_Assigned task_
Reproduce word for word the lines between those holding "(tm (omega_inv m" and "lift (fun (a : T (tpow H n)", inclusive, and nothing else from the data below.

(Stored data)
Lemma tmZl {V W : lmodType F} (a : F) (v : V) (w : W) : tm (a *: v) w = a *: tm v w.
Proof. by case: (@tm_bilin V W) => B _; rewrite (linZ (B w)). Qed.
Lemma tmZr {V W : lmodType F} (a : F) (v : V) (w : W) : tm v (a *: w) = a *: tm v w.
Proof. by case: (@tm_bilin V W) => _ B; rewrite (linZ (B v)). Qed.
Lemma tmDl {V W : lmodType F} (u v : V) (w : W) : tm (u + v) w = tm u w + tm v w.
Proof. by case: (@tm_bilin V W) => B _; rewrite (linD (B w)). Qed.
Lemma tmDr {V W : lmodType F} (v : V) (u w : W) : tm v (u + w) = tm v u + tm v w.
Proof. by case: (@tm_bilin V W) => _ B; rewrite (linD (B v)). Qed.
Lemma tm_suml {V W : lmodType F} (I : Type) (r : seq I) (g : I -> V) (w : W) :
  tm (\sum_(i <- r) g i) w = \sum_(i <- r) tm (g i) w.
Proof. by case: (@tm_bilin V W) => B _; rewrite (lin_sum _ _ _ (B w)). Qed.
Lemma tm_sumr {V W : lmodType F} (I : Type) (r : seq I) (g : I -> W) (v : V) :
  tm v (\sum_(i <- r) g i) = \sum_(i <- r) tm v (g i).
Proof. by case: (@tm_bilin V W) => _ B; rewrite (lin_sum _ _ _ (B v)). Qed.

Lemma tmap_cancel_r {V W V' W' : lmodType F} (f : V -> V') (g : W -> W') (p : W' -> W) t :
  lin f -> lin g -> lin p -> (forall y, p (g y) = y) ->
  tmap id p (tmap f g t) = tmap f id t.
Proof.
move=> Lf Lg Lp E; apply: (lin_ext (g1 := fun t => tmap id p (tmap f g t))).
- by apply: lin_comp; apply: lin_tmap => //; exact: lin_idf.
- by apply: lin_tmap => //; exact: lin_idf.
by move=> v w; rewrite !tmap_tm // ?E //; exact: lin_idf.
Qed.

Lemma tmap_cancel_l {V W V' W' : lmodType F} (f : V -> V') (g : W -> W') (p : V' -> V) t :
  lin f -> lin g -> lin p -> (forall y, p (f y) = y) ->
  tmap p id (tmap f g t) = tmap id g t.
Proof.
move=> Lf Lg Lp E; apply: (lin_ext (g1 := fun t => tmap p id (tmap f g t))).
- by apply: lin_comp; apply: lin_tmap => //; exact: lin_idf.
- by apply: lin_tmap => //; exact: lin_idf.
by move=> v w; rewrite !tmap_tm // ?E //; exact: lin_idf.
Qed.

End TensorCalculus.

Create HintDb linDB.

Ltac solve_lin :=
  match goal with
  | |- bilin (fun v w => _) =>
      let x := fresh "x" in split => x; solve_lin
  | |- bilin _ => first [ assumption | exact: tm_bilin | solve [eauto with linDB] ]
  | |- lin (fun x => x) => exact: lin_idf
  | |- lin id => exact: lin_idf
  | |- lin (fun x => Defs.lift _ _ (@?G x) ?c) =>
      apply: (lin_liftG (G := G));
      [ let x := fresh "x" in intro x; simpl; solve_lin
      | let x := fresh "x" in let y := fresh "y" in intros x y; simpl; solve_lin ]
  | |- lin (fun x => Defs.lift _ _ ?G (@?f x)) =>
      apply: (lin_liftC (G := G) (f := f)); [ solve_lin | simpl; solve_lin ]
  | |- lin (fun x => (@?f x) *: ?c) => apply: (lin_scaleL (f := f)); simpl; solve_lin
  | |- lin (fun x => ?c *: (@?f x)) => apply: (lin_scaleR (f := f)); simpl; solve_lin
  | |- lin (fun x => (@?f x) + (@?g x)) => apply: (lin_add (f := f) (g := g)); simpl; solve_lin
  | |- lin (fun x => ?g (@?f x) ?c) =>
      apply: (lin_bilL (g := g) (f := f)); [ solve_lin | simpl; solve_lin ]
  | |- lin (fun x => ?g ?c (@?f x)) =>
      apply: (lin_bilR (g := g) (f := f)); [ solve_lin | simpl; solve_lin ]
  | |- lin (fun x => ?G (@?f x) ?n ?y) =>
      apply: (lin_comp (g := fun z => G z n y) (f := f));
      [ solve [eauto with linDB] | simpl; solve_lin ]
  | |- lin (fun x => ?g (@?f x)) =>
      apply: (lin_comp (g := g) (f := f)); [ solve_lin | simpl; solve_lin ]
  | |- lin (Defs.lift _ _ _) => apply: lin_lift; solve_lin
  | |- lin (tmap _ _ _ _) => apply: lin_tmap; solve_lin
  | |- lin (?g ?c) => apply: (lin_bil0 (g := g)); solve_lin
  | |- lin _ => first [ assumption | solve [eauto with linDB] ]
  end.

#[export] Instance lift_proper {F : fieldType} {tp : tensor_provider F} {V W U : lmodType F} :
  Proper (pointwise_relation V (pointwise_relation W eq) ==> eq ==> eq) (@Defs.lift F tp V W U).
Proof. by move=> f g E t _ <-; apply: lift_eq. Qed.

(* [lsimp] evaluates [lift]/[tmap] on pure tensors everywhere, [lflat]
   flattens nested lifts, and [extv x] reduces a goal about x : V (x) W to
   pure tensors x = v (x) w. *)
Ltac lsimp := repeat (first [setoid_rewrite lift_tm | setoid_rewrite tmap_tm];
                      [idtac | solve_lin ..]).
Ltac lflat := repeat (setoid_rewrite lift_lift; [idtac | solve_lin ..]).
Ltac extv x := move: x; apply: lin_ext; [solve_lin | solve_lin | idtac].

Lemma lin_tassoc {F : fieldType} {tp : tensor_provider F} {A B C : lmodType F} :
  lin (tassoc F tp : T F tp (T F tp A B) C -> T F tp A (T F tp B C)).
Proof. by apply: lin_lift; solve_lin. Qed.
#[export] Hint Resolve lin_tassoc : linDB.

Section TensorPowerRegrouping.
Context {F : fieldType} {tp : tensor_provider F}.
Variables (H K : lmodType F).
Local Notation T := (T F tp).
Local Notation tm := (tm F tp).
Local Notation lift := (Defs.lift F tp).
Local Notation tpow := (tpow F tp).
Local Notation op := (omega_pow F tp H K).

Lemma omega_pow_0 x : op 0 x = x. Proof. by []. Qed.

Lemma omega_pow_S n x : op n.+1 x = lift (fun (y : tpow (T H K) n) (hk : T H K) =>
    lift (fun (a : tpow H n) (b : tpow K n) =>
      lift (fun (u : H) (v : K) =>
        (tm (tm a u : tpow H n.+1) (tm b v : tpow K n.+1))) hk) (op n y)) x.
Proof. by []. Qed.

Lemma lin_omega_pow n : lin (op n).
Proof.
elim: n => [|n IH]; first exact: lin_idf.
by move=> a u v; rewrite !omega_pow_S; move: a u v; apply: lin_lift; solve_lin.
Qed.

Fixpoint omega_inv (n : nat) : T (tpow H n) (tpow K n) -> tpow (T H K) n :=
  match n return T (tpow H n) (tpow K n) -> tpow (T H K) n with
  | 0 => fun x => x
  | m.+1 => fun x : T (T (tpow H m) H) (T (tpow K m) K) =>
     lift (fun (a : T (tpow H m) H) (b : T (tpow K m) K) =>
       lift (fun (a' : tpow H m) (u : H) => lift (fun (b' : tpow K m) (v : K) =>
         (tm (omega_inv m (tm a' b')) (tm u v) : tpow (T H K) m.+1)) b) a) x
  end.

Lemma omega_inv_0 x : omega_inv 0 x = x. Proof. by []. Qed.

Lemma omega_inv_S n x : omega_inv n.+1 x =
  lift (fun (a : T (tpow H n) H) (b : T (tpow K n) K) =>
    lift (fun (a' : tpow H n) (u : H) => lift (fun (b' : tpow K n) (v : K) =>
      (tm (omega_inv n (tm a' b')) (tm u v) : tpow (T H K) n.+1)) b) a) x.
Proof. by []. Qed.

Lemma lin_omega_inv n : lin (omega_inv n).
Proof.
elim: n => [|n IH]; first exact: lin_idf.
by move=> a u v; rewrite !omega_inv_S; move: a u v; apply: lin_lift; solve_lin.
Qed.

End TensorPowerRegrouping.

#[export] Hint Resolve lin_omega_pow lin_omega_inv : linDB.
#[export] Hint Extern 1 (lin (omega_pow _ _ _ _ ?n)) => exact (lin_omega_pow _ _ n) : linDB.
#[export] Hint Extern 1 (lin (omega_inv _ _ ?n)) => exact (lin_omega_inv _ _ n) : linDB.

(* From now on the recursive maps are only unfolded through their
   equations; opacity keeps setoid rewriting from unfolding them. *)
#[global] Typeclasses Opaque omega_pow omega_inv.
Opaque omega_pow omega_inv.

Section TensorPowerRegroupingInverse.
Context {F : fieldType} {tp : tensor_provider F}.
Variables (H K : lmodType F).
Local Notation op := (omega_pow F tp H K).
Local Notation oi := (omega_inv H K).

Lemma omega_powK n y : oi n (op n y) = y.
Proof.
elim: n y => [//|n IH] y.
extv y; move=> y' hk; extv hk; move=> u v.
rewrite -[in RHS](IH y') omega_pow_S; lsimp.
move: (op n y') => z; extv z; move=> a b.
by rewrite omega_inv_S; lsimp.
Qed.

Lemma omega_invK n t : op n (oi n t) = t.
Proof.
elim: n t => [//|n IH] t.
extv t; move=> a b; extv a; move=> a' u; extv b; move=> b' v.
by rewrite omega_inv_S; lsimp; rewrite omega_pow_S; lsimp; rewrite IH; lsimp.
Qed.

End TensorPowerRegroupingInverse.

_Written response_
         (tm (omega_inv m (tm a' b')) (tm u v) : tpow (T H K) m.+1)) b) a) x
  end.

Lemma omega_inv_0 x : omega_inv 0 x = x. Proof. by []. Qed.

Lemma omega_inv_S n x : omega_inv n.+1 x =
  lift (fun (a : T (tpow H n) H) (b : T (tpow K n) K) =>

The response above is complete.